# ACTION ITEM:
Check every line in the records below for the word "forall" and report how many have it, nothing more.

# TASK INPUTS:
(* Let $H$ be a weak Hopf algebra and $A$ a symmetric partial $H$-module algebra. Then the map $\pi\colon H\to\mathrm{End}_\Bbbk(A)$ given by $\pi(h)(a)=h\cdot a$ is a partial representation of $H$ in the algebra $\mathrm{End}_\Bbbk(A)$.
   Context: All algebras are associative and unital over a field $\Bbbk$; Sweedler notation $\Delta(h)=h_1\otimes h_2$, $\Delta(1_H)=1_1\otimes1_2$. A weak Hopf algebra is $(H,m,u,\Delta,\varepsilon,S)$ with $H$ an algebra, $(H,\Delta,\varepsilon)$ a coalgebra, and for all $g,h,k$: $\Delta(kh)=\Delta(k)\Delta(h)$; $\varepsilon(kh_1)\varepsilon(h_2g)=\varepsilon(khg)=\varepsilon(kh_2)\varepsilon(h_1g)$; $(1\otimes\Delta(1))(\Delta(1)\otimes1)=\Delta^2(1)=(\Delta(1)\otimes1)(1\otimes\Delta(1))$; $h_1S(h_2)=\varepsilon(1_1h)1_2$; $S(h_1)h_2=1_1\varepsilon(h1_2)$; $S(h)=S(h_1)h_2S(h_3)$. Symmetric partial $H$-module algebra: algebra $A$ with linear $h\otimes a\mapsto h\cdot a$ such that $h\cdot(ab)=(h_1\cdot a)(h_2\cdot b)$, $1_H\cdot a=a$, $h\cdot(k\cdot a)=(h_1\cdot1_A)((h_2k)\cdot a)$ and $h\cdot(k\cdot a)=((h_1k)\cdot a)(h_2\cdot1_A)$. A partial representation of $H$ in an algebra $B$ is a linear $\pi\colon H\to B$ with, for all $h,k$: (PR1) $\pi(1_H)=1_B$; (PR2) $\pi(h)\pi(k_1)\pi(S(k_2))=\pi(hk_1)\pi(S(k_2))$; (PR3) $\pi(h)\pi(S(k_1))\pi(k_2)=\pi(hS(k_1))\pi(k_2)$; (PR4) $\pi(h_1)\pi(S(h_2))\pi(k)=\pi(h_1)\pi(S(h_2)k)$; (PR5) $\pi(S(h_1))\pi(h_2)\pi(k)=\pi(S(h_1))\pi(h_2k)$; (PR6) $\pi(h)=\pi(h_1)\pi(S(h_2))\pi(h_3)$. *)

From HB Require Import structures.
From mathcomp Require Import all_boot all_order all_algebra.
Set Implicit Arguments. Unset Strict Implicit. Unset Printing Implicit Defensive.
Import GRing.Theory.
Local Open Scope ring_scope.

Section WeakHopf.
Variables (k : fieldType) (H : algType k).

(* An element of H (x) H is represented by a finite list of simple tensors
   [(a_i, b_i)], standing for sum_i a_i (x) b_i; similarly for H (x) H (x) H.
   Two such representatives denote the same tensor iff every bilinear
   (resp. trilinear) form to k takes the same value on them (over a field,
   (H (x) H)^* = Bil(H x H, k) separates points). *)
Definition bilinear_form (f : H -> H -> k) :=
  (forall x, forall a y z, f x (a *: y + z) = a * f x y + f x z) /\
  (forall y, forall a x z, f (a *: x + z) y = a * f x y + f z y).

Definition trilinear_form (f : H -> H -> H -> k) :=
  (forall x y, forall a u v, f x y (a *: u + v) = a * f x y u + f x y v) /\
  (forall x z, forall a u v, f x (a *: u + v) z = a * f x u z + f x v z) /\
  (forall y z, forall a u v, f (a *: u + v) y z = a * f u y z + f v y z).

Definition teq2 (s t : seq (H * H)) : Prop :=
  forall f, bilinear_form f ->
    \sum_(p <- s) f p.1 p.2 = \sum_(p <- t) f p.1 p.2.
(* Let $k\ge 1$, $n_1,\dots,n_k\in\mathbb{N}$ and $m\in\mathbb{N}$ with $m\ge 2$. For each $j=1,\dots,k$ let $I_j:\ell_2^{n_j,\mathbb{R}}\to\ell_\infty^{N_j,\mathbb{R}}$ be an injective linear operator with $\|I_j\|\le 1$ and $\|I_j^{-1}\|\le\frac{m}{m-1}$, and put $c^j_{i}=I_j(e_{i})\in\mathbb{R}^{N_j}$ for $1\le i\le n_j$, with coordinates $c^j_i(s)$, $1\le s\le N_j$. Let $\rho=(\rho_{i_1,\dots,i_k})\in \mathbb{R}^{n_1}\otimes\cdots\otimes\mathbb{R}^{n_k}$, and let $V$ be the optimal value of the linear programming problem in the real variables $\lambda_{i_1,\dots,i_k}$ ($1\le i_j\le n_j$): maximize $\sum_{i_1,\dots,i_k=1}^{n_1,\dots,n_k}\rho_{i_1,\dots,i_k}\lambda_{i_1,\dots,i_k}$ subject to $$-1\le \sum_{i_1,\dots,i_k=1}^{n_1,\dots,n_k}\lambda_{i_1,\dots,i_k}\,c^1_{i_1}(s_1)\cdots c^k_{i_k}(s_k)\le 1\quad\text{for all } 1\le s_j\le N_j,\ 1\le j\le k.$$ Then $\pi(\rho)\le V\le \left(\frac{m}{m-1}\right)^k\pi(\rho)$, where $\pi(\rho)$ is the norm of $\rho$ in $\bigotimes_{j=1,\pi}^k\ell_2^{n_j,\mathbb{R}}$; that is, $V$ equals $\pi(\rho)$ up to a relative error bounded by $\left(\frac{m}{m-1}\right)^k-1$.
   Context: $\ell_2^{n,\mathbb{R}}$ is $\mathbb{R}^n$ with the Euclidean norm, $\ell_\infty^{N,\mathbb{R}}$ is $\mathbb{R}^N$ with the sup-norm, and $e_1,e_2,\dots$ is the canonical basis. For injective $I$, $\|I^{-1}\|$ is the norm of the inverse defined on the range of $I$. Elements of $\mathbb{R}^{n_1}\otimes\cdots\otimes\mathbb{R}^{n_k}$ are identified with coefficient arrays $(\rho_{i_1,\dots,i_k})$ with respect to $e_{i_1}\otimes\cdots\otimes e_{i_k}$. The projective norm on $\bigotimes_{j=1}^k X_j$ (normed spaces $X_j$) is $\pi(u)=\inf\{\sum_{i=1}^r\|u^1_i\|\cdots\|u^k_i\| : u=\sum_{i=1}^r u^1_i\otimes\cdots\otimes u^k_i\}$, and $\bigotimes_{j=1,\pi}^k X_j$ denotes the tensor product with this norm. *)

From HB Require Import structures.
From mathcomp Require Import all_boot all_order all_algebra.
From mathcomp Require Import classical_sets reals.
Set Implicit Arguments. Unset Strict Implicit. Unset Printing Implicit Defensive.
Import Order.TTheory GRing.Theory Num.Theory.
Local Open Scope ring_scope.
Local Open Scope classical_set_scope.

# EXERCISE RESPONSE:
6